Only the lines below between the ones containing "by rewrite tpermD" and "have -> : (ord_max", inclusive, are to be reproduced, each exactly as it stands.
====== Source material ======
(* For every $m\ge1$, let $V^{(1)}_m$ and $V^{(2)}_m$ be the linear spans in $\mathbb{C}[\mathbb{S}_m]$ of all one-hyper-arc elements and of all two-hyper-arc elements, respectively, and let $R_m$ be the span of all $\alpha-\sigma_m^{-1}\alpha\sigma_m$, $\alpha\in\mathbb{S}_m$. Then $V^{(1)}_m+V^{(2)}_m=R_m+V^{(2)}_m$; i.e. modulo two-hyper-arc relations, the one-hyper-arc relations are equivalent to identifying each permutation with its cyclic shifts.
   Context: $\sigma_m=(1,2,\dots,m)\in\mathbb{S}_m$. Generalized Vassiliev elements: let $m\ge2$, $\gamma\in\mathbb{S}_{m-1}$, and $q\in[m-1]\cup\{*\}$. For $t\in\{0,1,\dots,m-1\}$ let $\alpha_t=\alpha_t(\gamma,q)\in\mathbb{S}_m$ be obtained as follows: place the points $1,\dots,m-1$ on a line in increasing order, insert a new point $x$ (the free leg) in the gap between $t$ and $t+1$ (before $1$ if $t=0$, after $m-1$ if $t=m-1$), and relabel the $m$ points by $1,\dots,m$ in order; the permutation acts as $\gamma$ on the old points, except that if $q\neq *$ then $q\mapsto x\mapsto\gamma(q)$, and if $q=*$ then $x$ is a fixed point. For a cycle $v$ of $\gamma$ put $E(\gamma,q,v)=\sum_{j\in v}(\alpha_{j-1}-\alpha_j)\in\mathbb{C}[\mathbb{S}_m]$. It is a one-hyper-arc element if $q\ne*$ and $q\in v$, and a two-hyper-arc element otherwise. *)

From HB Require Import structures.
From mathcomp Require Import all_boot all_order all_algebra all_fingroup.
From mathcomp Require Import reals complex.
Set Implicit Arguments. Unset Strict Implicit. Unset Printing Implicit Defensive.
Import GRing.Theory Num.Theory.
Local Open Scope ring_scope.

(* The group algebra C[S_m] is modelled as the C-vector space of functions
   S_m -> C, with basis the indicators [perm_delta s]. We index by n = m - 1,
   so S_m = {perm 'I_n.+1} (points 0..m-1 stand for 1..m). *)

Definition GA (R : realType) (n : nat) := {ffun {perm 'I_n.+1} -> (R[i])^o}.

Definition pdelta (R : realType) (n : nat) (s : {perm 'I_n.+1}) : GA R n :=
  [ffun t => ((t == s)%:R : (R[i])^o)].

Definition sigma (n : nat) : {perm 'I_n.+1} := perm (@ordS_inj n.+1).

(* alpha_t(gamma, q) in S_m, gamma in S_{m-1}, q : option 'I_n (None = star),
   t : 'I_n.+1 (the new point x receives 0-indexed label t, i.e. sits in the gap
   between old points t and t+1 in 1-indexed terms; old 0-indexed point i is
   relabelled lift t i = i + (t <= i)).
   lift_perm t t gamma fixes x and acts as gamma on the old points;
   composing first with the transposition (x, q) yields q |-> x |-> gamma q.
   (mathcomp product s1 * s2 applies s1 first.) *)
Definition alpha (n : nat) (gamma : {perm 'I_n}) (q : option 'I_n)
    (t : 'I_n.+1) : {perm 'I_n.+1} :=
  match q with
  | None => lift_perm t t gamma
  | Some q0 => (tperm t (lift t q0) * lift_perm t t gamma)%g
  end.

(* E(gamma, q, v) = sum_{j in v} (alpha_{j-1} - alpha_j), j 1-indexed;
   with 0-indexed i = j - 1 this is alpha_i - alpha_{i+1}. *)
Definition Eel (R : realType) (n : nat) (gamma : {perm 'I_n})
    (q : option 'I_n) (v : {set 'I_n}) : GA R n :=
  \sum_(i in v) (pdelta R (alpha gamma q (inord i))
                 - pdelta R (alpha gamma q (inord i.+1))).

Definition one_hyper (n : nat) (q : option 'I_n) (v : {set 'I_n}) : bool :=
  if q is Some q0 then q0 \in v else false.

Definition V1 (R : realType) (n : nat) : {vspace GA R n} :=
  (\sum_(gamma : {perm 'I_n}) \sum_(q : option 'I_n)
     \sum_(v in porbits gamma | one_hyper q v) <[Eel R gamma q v]>)%VS.

Definition V2 (R : realType) (n : nat) : {vspace GA R n} :=
  (\sum_(gamma : {perm 'I_n}) \sum_(q : option 'I_n)
     \sum_(v in porbits gamma | ~~ one_hyper q v) <[Eel R gamma q v]>)%VS.

(* R_m: span of alpha - sigma^{-1} o alpha o sigma (function composition,
   right to left); in mathcomp's left-to-right product this is
   sigma * alpha * sigma^-1. *)
Definition Rm (R : realType) (n : nat) : {vspace GA R n} :=
  (\sum_(a : {perm 'I_n.+1})
     <[pdelta R a - pdelta R ((sigma n * a * (sigma n)^-1)%g)]>)%VS.

(* Summing E(gamma, q, v) over all cycles v of gamma telescopes to
   alpha_0 - alpha_{m-1}, and alpha_{m-1} is the cyclic shift
   sigma alpha_0 sigma^-1 of alpha_0.  Every permutation is some alpha_0(gamma, q),
   so each generator of R_m is a sum of E's and lies in V1 + V2.  Conversely at
   most one cycle (the one containing q) gives a one-hyper-arc element, so each
   one-hyper-arc element is a generator of R_m minus two-hyper-arc elements. *)

From HB Require Import structures.
From mathcomp Require Import all_boot all_order all_algebra all_fingroup.
From mathcomp Require Import reals complex.
Import GRing.Theory.
Local Open Scope ring_scope.

Lemma porbits_mem_eq {T : finType} (s : {perm T}) (A B : {set T}) (x : T) :
  A \in porbits s -> B \in porbits s -> x \in A -> x \in B -> A = B.
Proof.
move=> /imsetP[a _ ->] /imsetP[b _ ->].
by rewrite -!eq_porbit_mem => /eqP <- /eqP <-.
Qed.

Lemma big_porbits {T : finType} {V : nmodType} (s : {perm T}) (F : T -> V) :
  \sum_(A in porbits s) \sum_(x in A) F x = \sum_x F x.
Proof.
rewrite [RHS](partition_big (porbit s) (mem (porbits s))) => [|x _]; last exact: imset_f.
apply: eq_bigr => _ /imsetP[a _ ->].
by apply: eq_bigl => x; rewrite /= eq_porbit_mem.
Qed.

Lemma lift_perm_onto {n : nat} (i : 'I_n.+1) (s : 'S_n.+1) :
  exists g : 'S_n, lift_perm i (s i) g = s.
Proof.
pose f k := odflt k (unlift (s i) (s (lift i k))).
have fK k : lift (s i) (f k) = s (lift i k).
  rewrite /f; have := neq_lift i k.
  by rewrite -(inj_eq (@perm_inj _ s)) => /unlift_some[k' -> ->].
have f_inj : injective f.
  by move=> k1 k2 /(congr1 (lift (s i))); rewrite !fK => /perm_inj /lift_inj.
exists (perm f_inj); apply/permP => k.
case: (unliftP i k) => [k'|] ->; last by rewrite lift_perm_id.
by rewrite lift_perm_lift permE fK.
Qed.

Section Alpha.
Variable n : nat.
Implicit Types (g : {perm 'I_n}) (q : option 'I_n) (t : 'I_n.+1).

Lemma alpha_lift g q t k :
  alpha g q t (lift t k) = if q == Some k then t else lift t (g k).
Proof.
case: q => [q0|] /=; last by rewrite lift_perm_lift.
rewrite permM; have [<-|ne] := eqVneq q0 k.
  by rewrite eqxx tpermR lift_perm_id.
have /negbTE -> : Some q0 != Some k by apply: contra ne => /eqP[->].
by rewrite tpermD ?lift_perm_lift ?neq_lift // (inj_eq (@lift_inj _ t)).
Qed.

Lemma alpha_fresh g q t :
  alpha g q t t = if q is Some q0 then lift t (g q0) else t.
Proof.
case: q => [q0|] /=; last by rewrite lift_perm_id.
by rewrite permM tpermL lift_perm_lift.
Qed.

Lemma sigma_lift_max k : sigma n (lift ord_max k) = lift ord0 k.
Proof.
apply/val_inj; rewrite /sigma permE /= /bump leqNgt ltn_ord /=.
by rewrite add0n add1n modn_small // ltnS.
Qed.

Lemma sigma_max : sigma n ord_max = ord0.
Proof. by apply/val_inj; rewrite /sigma permE /= modnn. Qed.

(* Inserting x last instead of first relabels every point one step along sigma. *)
Lemma alpha_max g q :
  alpha g q ord_max = (sigma n * alpha g q ord0 * (sigma n)^-1)%g.
Proof.
apply/permP => x; rewrite !permM; apply: (@perm_inj _ (sigma n)).
rewrite permKV; case: (unliftP ord_max x) => [k|] ->.
  rewrite !alpha_lift sigma_lift_max alpha_lift.
  by case: ifP => _; rewrite ?sigma_max ?sigma_lift_max.
rewrite sigma_max !alpha_fresh.
by case: q => [q0|]; rewrite ?sigma_lift_max ?sigma_max.
Qed.

(* Decompose a = tperm 0 (a^-1 0) * c with c 0 = 0. *)
Lemma alpha0_onto (a : {perm 'I_n.+1}) : exists g q, alpha g q ord0 = a.
Proof.
pose p := a^-1%g ord0; pose c := (tperm ord0 p * a)%g.
have c0 : c ord0 = ord0 by rewrite /c permM tpermL permKV.
have [g] := lift_perm_onto ord0 c; rewrite c0 => Ec.
have Ea : a = (tperm ord0 p * c)%g by rewrite mulgA tperm2 mul1g.
case: (unliftP ord0 p) => [q0|] Ep.
  by exists g, (Some q0); rewrite /= Ec Ea Ep.
by exists g, None; rewrite /= Ec Ea Ep tperm1 mul1g.
Qed.

Variable R : realType.

Lemma sum_Eel_porbits g q :
  \sum_(v in porbits g) Eel R g q v =
  pdelta R (alpha g q ord0) - pdelta R (alpha g q ord_max).
Proof.
pose h (k : nat) := pdelta R (alpha g q (inord k)).
rewrite (big_porbits g (fun i : 'I_n => h i - h i.+1)).
have -> : (ord0 : 'I_n.+1) = inord 0 by apply/val_inj; rewrite /= inordK.
have -> : (ord_max : 'I_n.+1) = inord n by apply/val_inj; rewrite /= inordK.
rewrite -(big_mkord xpredT (fun i => h i - h i.+1)) -[_ - _]opprB.
by rewrite -(telescope_sumr h (leq0n n)) -sumrN; apply: eq_bigr => i _; rewrite opprB.
Qed.

Lemma Eel_V1 {g q v} :
  v \in porbits g -> one_hyper q v -> Eel R g q v \in V1 R n.
Proof.
move=> vg qv; rewrite memvE; apply: (sumv_sup g) => //.
by apply: (sumv_sup q) => //; apply: (sumv_sup v); rewrite ?vg.
Qed.

Lemma Eel_V2 {g q v} :
  v \in porbits g -> ~~ one_hyper q v -> Eel R g q v \in V2 R n.
Proof.
move=> vg qv; rewrite memvE; apply: (sumv_sup g) => //.
by apply: (sumv_sup q) => //; apply: (sumv_sup v); rewrite ?vg.
Qed.

Lemma shift_diff_Rm (a : {perm 'I_n.+1}) :
  pdelta R a - pdelta R (sigma n * a * (sigma n)^-1)%g \in Rm R n.
Proof. by rewrite memvE; apply: (sumv_sup a). Qed.

Lemma one_hyper_unique {g q v w} :
  v \in porbits g -> w \in porbits g -> one_hyper q v -> w != v ->
  ~~ one_hyper q w.
Proof.
case: q => [q0|] //= vg wg qv; apply: contraNN => qw.
by apply/eqP; apply: porbits_mem_eq wg vg qw qv.
Qed.

Lemma Eel_one_hyper_Rm_V2 g q v :
  v \in porbits g -> one_hyper q v -> Eel R g q v \in (Rm R n + V2 R n)%VS.
Proof.
move=> vg qv; have := sum_Eel_porbits g q.
rewrite (bigD1 v vg) /= => /(canRL (addrK _)) ->.
apply: memv_add; first by rewrite alpha_max shift_diff_Rm.
rewrite memvN; apply: memv_suml => w /andP[wg wv].
exact: Eel_V2 wg (one_hyper_unique vg wg qv wv).
Qed.

Lemma shift_diff_V1_V2 (a : {perm 'I_n.+1}) :
  pdelta R a - pdelta R (sigma n * a * (sigma n)^-1)%g \in (V1 R n + V2 R n)%VS.
Proof.
have [g [q <-]] := alpha0_onto a.
rewrite -alpha_max -sum_Eel_porbits; apply: memv_suml => v vg.
have [qv|qv] := boolP (one_hyper q v).
  by apply: (subvP (addvSl _ _)); apply: Eel_V1.
by apply: (subvP (addvSr _ _)); apply: Eel_V2.
Qed.

End Alpha.

Theorem lemma2 (R : realType) (n : nat) :
  (V1 R n + V2 R n)%VS = (Rm R n + V2 R n)%VS.
Proof.
apply/eqP; rewrite eqEsubv !subv_add !addvSr !andbT; apply/andP; split.
  apply/subv_sumP => g _; apply/subv_sumP => q _.
  apply/subv_sumP => v /andP[vg qv]; rewrite -memvE.
  exact: Eel_one_hyper_Rm_V2.
by apply/subv_sumP => a _; rewrite -memvE; apply: shift_diff_V1_V2.
Qed.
======
**Solution**
by rewrite tpermD ?lift_perm_lift ?neq_lift // (inj_eq (@lift_inj _ t)).
Qed.

Lemma alpha_fresh g q t :
  alpha g q t t = if q is Some q0 then lift t (g q0) else t.
Proof.
case: q => [q0|] /=; last by rewrite lift_perm_id.
by rewrite permM tpermL lift_perm_lift.
Qed.

Lemma sigma_lift_max k : sigma n (lift ord_max k) = lift ord0 k.
Proof.
apply/val_inj; rewrite /sigma permE /= /bump leqNgt ltn_ord /=.
by rewrite add0n add1n modn_small // ltnS.
Qed.

Lemma sigma_max : sigma n ord_max = ord0.
Proof. by apply/val_inj; rewrite /sigma permE /= modnn. Qed.

(* Inserting x last instead of first relabels every point one step along sigma. *)
Lemma alpha_max g q :
  alpha g q ord_max = (sigma n * alpha g q ord0 * (sigma n)^-1)%g.
Proof.
apply/permP => x; rewrite !permM; apply: (@perm_inj _ (sigma n)).
rewrite permKV; case: (unliftP ord_max x) => [k|] ->.
  rewrite !alpha_lift sigma_lift_max alpha_lift.
  by case: ifP => _; rewrite ?sigma_max ?sigma_lift_max.
rewrite sigma_max !alpha_fresh.
by case: q => [q0|]; rewrite ?sigma_lift_max ?sigma_max.
Qed.

(* Decompose a = tperm 0 (a^-1 0) * c with c 0 = 0. *)
Lemma alpha0_onto (a : {perm 'I_n.+1}) : exists g q, alpha g q ord0 = a.
Proof.
pose p := a^-1%g ord0; pose c := (tperm ord0 p * a)%g.
have c0 : c ord0 = ord0 by rewrite /c permM tpermL permKV.
have [g] := lift_perm_onto ord0 c; rewrite c0 => Ec.
have Ea : a = (tperm ord0 p * c)%g by rewrite mulgA tperm2 mul1g.
case: (unliftP ord0 p) => [q0|] Ep.
  by exists g, (Some q0); rewrite /= Ec Ea Ep.
by exists g, None; rewrite /= Ec Ea Ep tperm1 mul1g.
Qed.

Variable R : realType.

Lemma sum_Eel_porbits g q :
  \sum_(v in porbits g) Eel R g q v =
  pdelta R (alpha g q ord0) - pdelta R (alpha g q ord_max).
Proof.
pose h (k : nat) := pdelta R (alpha g q (inord k)).
rewrite (big_porbits g (fun i : 'I_n => h i - h i.+1)).
have -> : (ord0 : 'I_n.+1) = inord 0 by apply/val_inj; rewrite /= inordK.
have -> : (ord_max : 'I_n.+1) = inord n by apply/val_inj; rewrite /= inordK.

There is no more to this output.